++++ RECORDS TO PROCESS

(* Urysohn's lemma is only available for normal spaces; the one-point
   compactification of X is compact Hausdorff, hence normal. *)
Lemma urysohn_compact_open (K U : set X) : compact K -> open U -> K `<=` U ->
  exists f : X -> R, [/\ continuous f, forall x, 0 <= f x <= 1,
    forall x, K x -> f x = 1 & forall x, ~ U x -> f x = 0].
Proof.
move=> cK oU KU; pose Y := one_point_compactification X.
have hY : hausdorff_space Y := one_point_compactification_hausdorff lcX hsdfX.
have nY : normal_space Y.
  by apply: compact_normal => //; exact: one_point_compactification_compact.
have clK : closed (Some @` K : set Y).
  apply: compact_closed => //; apply: continuous_compact => //.
  apply: continuous_subspaceT; exact: one_point_compactification_some_continuous.
have clCU : closed (~` (Some @` U) : set Y).
  exact/open_closedC/one_point_compactification_open_some.
have KCU : (Some @` K : set Y) `&` ~` (Some @` U) = set0.
  apply/seteqP; split => // _ [[k Kk <-]] /=; apply; exists k => //; exact: KU.
have /(uniform_separatorP (R := R)) [g [cg g01 gK gU]] :=
  (@normal_separatorP R Y).1 nY _ _ clK clCU KCU.
have g01' x : 0 <= g (Some x) <= 1.
  by have := g01 (g (Some x)) (ex_intro2 _ _ (Some x) I erefl); rewrite /= in_itv.
exists (cst 1 - (g \o Some)); split => [x|x|x Kx|x Ux].
- apply: continuousB; first exact: cst_continuous.
  apply: continuous_comp; last exact: cg.
  exact: one_point_compactification_some_continuous.
- by case/andP: (g01' x) => g0 g1; rewrite !fctE /= subr_ge0 g1 lerBlDr lerDl.
- rewrite !fctE /= (_ : g (Some x) = 0) ?subr0 //.
  by apply: gK; exists (Some x) => //; exists x.
- rewrite !fctE /= (_ : g (Some x) = 1) ?subrr //.
  by apply: gU; exists (Some x) => //= -[y Uy [yx]]; apply: Ux; rewrite -yx.
Qed.

End Urysohn.

Section PushforwardFromIntegrals.
Variables (R : realType) (X : ptopologicalType).
Hypotheses (hsdfX : hausdorff_space X) (lcX : locally_compact [set: X]).
Variables (mu rho : probability (borelT X) R) (T : X -> X).
Hypotheses (mu_regular : regular_measure mu) (rho_regular : regular_measure rho).
Hypothesis cT : continuous T.
Hypothesis integral_comp : forall f : X -> R, bounded_continuous f ->
  (\int[mu]_z (f (T z))%:E = \int[rho]_z (f z)%:E)%E.

Lemma pushforward_le (A : set (borelT X)) : measurable A ->
  (mu (T @^-1` A) <= rho A)%E.
Proof.
move=> mA; have mTA := continuous_preimage_measurable cT mA.
apply/lee_addgt0Pr => eps eps0.
have eps20 : 0 < eps / 2 by rewrite divr_gt0.
have [_ [K [cK KTA muK]]] := mu_regular mTA eps20.
have cTK : compact (T @` K).
  by apply: continuous_compact => //; apply: continuous_subspaceT => z; exact: cT.
have mTK := borel_compact_measurable hsdfX cTK.
have [[U [oU TKU rhoU]] _] := rho_regular mTK eps20.
have [g [cg g01 gTK gU]] := urysohn_compact_open R hsdfX lcX cTK oU TKU.
have bg : bounded_continuous g.
  by split => //; exists 1 => z; case/andP: (g01 z) => g0 g1; rewrite ger0_norm.
have muKg : (mu K <= \int[mu]_z (g (T z))%:E)%E.
  apply: measure_le_integral (borel_compact_measurable hsdfX cK) _ _ _.
  - by apply: continuous_borel_measurable_real; case: (bounded_continuous_comp bg cT).
  - by move=> z; case/andP: (g01 (T z)).
  - by move=> z Kz; rewrite gTK //; exists z.
have grhoU : (\int[rho]_z (g z)%:E <= rho U)%E.
  apply: integral_le_measure (borel_open_measurable oU) _ g01 gU.
  exact: continuous_borel_measurable_real.
have rhoTK : (rho (T @` K) <= rho A)%E.
  by apply: le_measure; rewrite ?inE // => _ [z Kz <-]; exact: KTA.
(* mu (T^-1 A) <= mu K + eps/2 <= \int (g o T) dmu + eps/2 = \int g drho + eps/2
   <= rho U + eps/2 <= rho (T K) + eps <= rho A + eps *)
apply: (le_trans muK); apply: (le_trans (leeD2r _ muKg)); rewrite integral_comp //.
apply: (le_trans (leeD2r _ grhoU)); apply: (le_trans (leeD2r _ rhoU)).
by rewrite -addeA -EFinD -splitr; exact: leeD2r.
Qed.

Lemma pushforward_eq (A : set (borelT X)) : measurable A ->
  mu (T @^-1` A) = rho A.
Proof.
move=> mA; apply/eqP; rewrite eq_le pushforward_le //=.
have := pushforward_le (measurableC mA).
rewrite preimage_setC !probability_setC //; last exact: continuous_preimage_measurable.
rewrite -(fineK (fin_num_measure _ _ mA)).
rewrite -(fineK (fin_num_measure _ _ (continuous_preimage_measurable cT mA))).
by rewrite -!EFinB !lee_fin lerD2l lerN2.
Qed.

++++++++

§ **EXERCISE GOAL**: Starting with the line with "- by case/andP: (g01'" above and going on through the line with "Hypothesis cT : continuous T.", transcribe every line exactly, both ends included, and add nothing.

§ **EXERCISE RESULT**:
- by case/andP: (g01' x) => g0 g1; rewrite !fctE /= subr_ge0 g1 lerBlDr lerDl.
- rewrite !fctE /= (_ : g (Some x) = 0) ?subr0 //.
  by apply: gK; exists (Some x) => //; exists x.
- rewrite !fctE /= (_ : g (Some x) = 1) ?subrr //.
  by apply: gU; exists (Some x) => //= -[y Uy [yx]]; apply: Ux; rewrite -yx.
Qed.

End Urysohn.

Section PushforwardFromIntegrals.
Variables (R : realType) (X : ptopologicalType).
Hypotheses (hsdfX : hausdorff_space X) (lcX : locally_compact [set: X]).
Variables (mu rho : probability (borelT X) R) (T : X -> X).
Hypotheses (mu_regular : regular_measure mu) (rho_regular : regular_measure rho).
Hypothesis cT : continuous T.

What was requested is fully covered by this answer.